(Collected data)

========

(* A second white neighbour w' of b would lie in the same triangle
   (fan_pt_same_tri), where the coordinates of b determine it. *)
Lemma outer_edge_boundary_arrow t w b : (1 <= t)%nat -> (t <= n - 2)%nat ->
  outer_edge t w b -> boundary_arrow n p a m w b.
Proof.
  intros H1 H2 Hout.
  assert (Hd : dimer_edge n p a m w b).
  { apply (fan_tri_edge t); auto.
    destruct Hout as [[j [k [Hs [-> ->]]]] | [[_ [i [j [Hs [-> ->]]]]] | [_ [i [k [Hs [-> ->]]]]]]].
    - exists 0%nat, j, k. split; [lia|]. split; [reflexivity|]. right; right; right. auto.
    - exists i, j, 0%nat. split; [lia|]. split; [reflexivity|]. right; left. auto.
    - exists i, 0%nat, k. split; [lia|]. split; [reflexivity|]. right; right; left. auto. }
  split; auto. intros w' Hd'.
  destruct (dimer_edge_coords w' b Hd') as [t' [i' [j' [k' [H1' [H2' [Hs' [-> Hc]]]]]]]].
  pose proof (INR_sum3_pred i' j' k' m Hm1 Hs').
  pose proof (pos_INR i'); pose proof (pos_INR j'); pose proof (pos_INR k').
  destruct Hout as [[j [k [Hs [-> Hb]]]] | [[Ht [i [j [Hs [-> Hb]]]]] | [Ht [i [k [Hs [-> Hb]]]]]]];
  [ pose proof (INR_sum3_pred 0 j k m Hm1 ltac:(lia)); pose proof (pos_INR j); pose proof (pos_INR k)
  | pose proof (INR_sum3_pred i j 0 m Hm1 ltac:(lia)); pose proof (pos_INR i); pose proof (pos_INR j)
  | pose proof (INR_sum3_pred i 0 k m Hm1 ltac:(lia)); pose proof (pos_INR i); pose proof (pos_INR k) ];
  simpl INR in *;
  rewrite ?sideBC_node_bary, ?sideAB_node_bary, ?sideAC_node_bary in Hb by auto;
  destruct Hc as [[i'' [j'' [k'' [Hs'' Hb']]]] | [[-> Hb'] | [[-> Hb'] | [-> Hb']]]]; simpl INR in *;
  rewrite Hb' in Hb; symmetry in Hb;
  try (pose proof (INR_sum3_pred2 i'' j'' k'' m Hm Hs''); pose proof (pos_INR i'');
       pose proof (pos_INR j''); pose proof (pos_INR k''));
  lazymatch type of Hb with
  | bary_pt _ _ _ _ ?x ?y ?z = fan_pt _ ?x' ?y' ?z' =>
    destruct (fan_pt_same_tri t t' x y z x' y' z' H1 H2 H1' H2') as [<- [Ex [Ey Ez]]];
    [lra .. | lia || lra | lia || lra | exact Hb |]
  end;
  try lra; f_equal; apply INR_eq; lra.
Qed.

Definition label_pt (e : nat * (nat * nat * nat)) : pt :=
  let '(t, (i, j, k)) := e in fan_pt t (INR i) (INR j) (INR k).

Lemma lattice_pt_in_cell t i j k : (1 <= t)%nat -> (t <= n - 2)%nat -> (i + j + k = m)%nat ->
  in_fan_tri t (fan_pt t (INR i) (INR j) (INR k)) /\
  in_fan_cell t (fan_pt t (INR i) (INR j) (INR k)) i j k.
Proof.
  intros H1 H2 Hs. pose proof (fan_orient_nz t H1 H2) as D. pose proof (INR_sum3 i j k m Hs).
  pose proof (pos_INR i); pose proof (pos_INR j); pose proof (pos_INR k).
  unfold in_tri, in_tri_cell, in_cell, fan_pt. rewrite bcA_bary_pt, bcB_bary_pt, bcC_bary_pt by auto.
  split; [lra | split; [auto | lra]].
Qed.

Lemma INR_eq_0 i : INR i = 0 -> i = 0%nat.
Proof. intros. apply INR_eq. auto. Qed.

Lemma label_pt_glue t i j k t' i' j' k' :
  (1 <= t)%nat -> (t <= n - 2)%nat -> (1 <= t')%nat -> (t' <= n - 2)%nat ->
  (i + j + k = m)%nat -> (i' + j' + k' = m)%nat ->
  fan_pt t (INR i) (INR j) (INR k) = fan_pt t' (INR i') (INR j') (INR k') ->
  (t = t' /\ i = i' /\ j = j' /\ k = k' \/
   t' = S t /\ j = 0 /\ k' = 0 /\ i = i' /\ k = j' \/
   t = S t' /\ j' = 0 /\ k = 0 /\ i' = i /\ k' = j \/
   k = 0 /\ k' = 0)%nat.
Proof.
  intros H1 H2 H1' H2' Hs Hs' E.
  pose proof (INR_sum3 i j k m Hs). pose proof (INR_sum3 i' j' k' m Hs').
  pose proof (pos_INR i); pose proof (pos_INR j); pose proof (pos_INR k).
  pose proof (pos_INR i'); pose proof (pos_INR j'); pose proof (pos_INR k').
  destruct (Nat.lt_total t t') as [Hlt|[<-|Hgt]].
  - destruct (fan_pt_glue t t' (INR i) (INR j) (INR k) (INR i') (INR j') (INR k'))
      as [[? [Ej [Ek' [Ei Ek]]]] | [_ [_ [Ek [_ [_ Ek']]]]]]; auto.
    + apply INR_eq_0 in Ej, Ek'. apply INR_eq in Ei, Ek. lia.
    + apply INR_eq_0 in Ek, Ek'. lia.
  - left. destruct (bary_pt_inj _ _ _ m Hm1 (fan_orient_nz t H1 H2) _ _ _ _ _ _ H H0 E) as [Ei [Ej Ek]].
    apply INR_eq in Ei, Ej, Ek. auto.
  - destruct (fan_pt_glue t' t (INR i') (INR j') (INR k') (INR i) (INR j) (INR k))
      as [[? [Ej' [Ek [Ei Ek']]]] | [_ [_ [Ek' [_ [_ Ek]]]]]]; auto.
    + apply INR_eq_0 in Ej', Ek. apply INR_eq in Ei, Ek'. lia.
    + apply INR_eq_0 in Ek, Ek'. lia.
Qed.

Lemma label_pt_cell e : internal_label n m e -> cell (label_pt e) (label_pt e).
Proof.
  destruct e as [t [[i j] k]]. intros [H1 [H2 [Hs _]]].
  destruct (lattice_pt_in_cell t i j k H1 H2 Hs). apply cell_intro; auto.
Qed.

Lemma label_pt_inj e1 e2 : internal_label n m e1 -> internal_label n m e2 ->
  label_pt e1 = label_pt e2 -> e1 = e2.
Proof.
  destruct e1 as [t [[i j] k]], e2 as [t' [[i' j'] k']].
  intros [H1 [H2 [Hs [Hi [Hk Hj]]]]] [H1' [H2' [Hs' [Hi' [Hk' Hj']]]]] E.
  destruct (label_pt_glue t i j k t' i' j' k') as [[-> [-> [-> ->]]] | [? | [? | ?]]]; auto; lia.
Qed.

Lemma in_fan_cell_region t x i j k : (1 <= t)%nat -> (t <= n - 2)%nat ->
  in_fan_tri t x -> in_fan_cell t x i j k -> region n p a m x.
Proof.
  intros H1 H2 Ix Sx. split.
  - apply (fan_tri_in_polygon t); auto.
  - apply (cell_not_on_graph (fan_pt t (INR i) (INR j) (INR k))). apply cell_intro; auto.
Qed.

Lemma in_fan_cell_seg_region t x y i j k : (1 <= t)%nat -> (t <= n - 2)%nat ->
  in_fan_tri t x -> in_fan_tri t y -> in_fan_cell t x i j k -> in_fan_cell t y i j k ->
  forall s, 0 <= s <= 1 -> region n p a m (seg x y s).
Proof.
  intros H1 H2 Ix Iy Sx Sy s Hs. pose proof (fan_orient_nz t H1 H2).
  apply (in_fan_cell_region t _ i j k); auto; [apply in_tri_seg | apply in_tri_cell_seg]; auto.
Qed.

Lemma in_fan_cell_conn t x y i j k : (1 <= t)%nat -> (t <= n - 2)%nat ->
  in_fan_tri t x -> in_fan_tri t y -> in_fan_cell t x i j k -> in_fan_cell t y i j k ->
  conn n p a m x y.
Proof. intros. apply conn_seg. apply (in_fan_cell_seg_region t x y i j k); auto. Qed.

(* The lattice points on the boundary of the polygon: on the outer side of a
   triangle, on the first side AB, on the last side AC, or at the apex. *)
Definition outer_lattice_pt (t i j k : nat) : Prop :=
  (i = 0 \/ (t = 1 /\ k = 0) \/ (t = n - 2 /\ j = 0) \/ (j = 0 /\ k = 0))%nat.

Lemma internal_label_not_outer e t' i' j' k' : internal_label n m e ->
  (1 <= t')%nat -> (t' <= n - 2)%nat -> (i' + j' + k' = m)%nat -> outer_lattice_pt t' i' j' k' ->
  label_pt e <> fan_pt t' (INR i') (INR j') (INR k').
Proof.
  destruct e as [t [[i j] k]]. intros [H1 [H2 [Hs [Hi [Hk Hj]]]]] H1' H2' Hs' Hbd E.
  unfold outer_lattice_pt in Hbd.
  destruct (label_pt_glue t i j k t' i' j' k') as [? | [? | [? | ?]]]; auto; lia.
Qed.

Lemma inner_lattice_pt_label t i j k : (1 <= t)%nat -> (t <= n - 2)%nat -> (i + j + k = m)%nat ->
  ~ outer_lattice_pt t i j k -> exists e, internal_label n m e /\ label_pt e = fan_pt t (INR i) (INR j) (INR k).
Proof.
  unfold outer_lattice_pt. intros H1 H2 Hs Hout. destruct k as [|k].
  - (* on the diagonal side AB, labelled in the previous triangle *)
    destruct t as [|t]; [lia|]. exists (t, (i, 0%nat, j)). split; [unfold internal_label; lia|].
    simpl. apply fan_pt_side.
  - exists (t, (i, j, S k)). split; [unfold internal_label; lia | reflexivity].
Qed.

========

§ Work item
Beginning at the line with "Lemma in_fan_cell_seg_region t" and ending at the line with "intros H1 H2 Ix Iy", reproduce each line of the data above exactly, and add no other lines.

§ Output of the exercise
Lemma in_fan_cell_seg_region t x y i j k : (1 <= t)%nat -> (t <= n - 2)%nat ->
  in_fan_tri t x -> in_fan_tri t y -> in_fan_cell t x i j k -> in_fan_cell t y i j k ->
  forall s, 0 <= s <= 1 -> region n p a m (seg x y s).
Proof.
  intros H1 H2 Ix Iy Sx Sy s Hs. pose proof (fan_orient_nz t H1 H2).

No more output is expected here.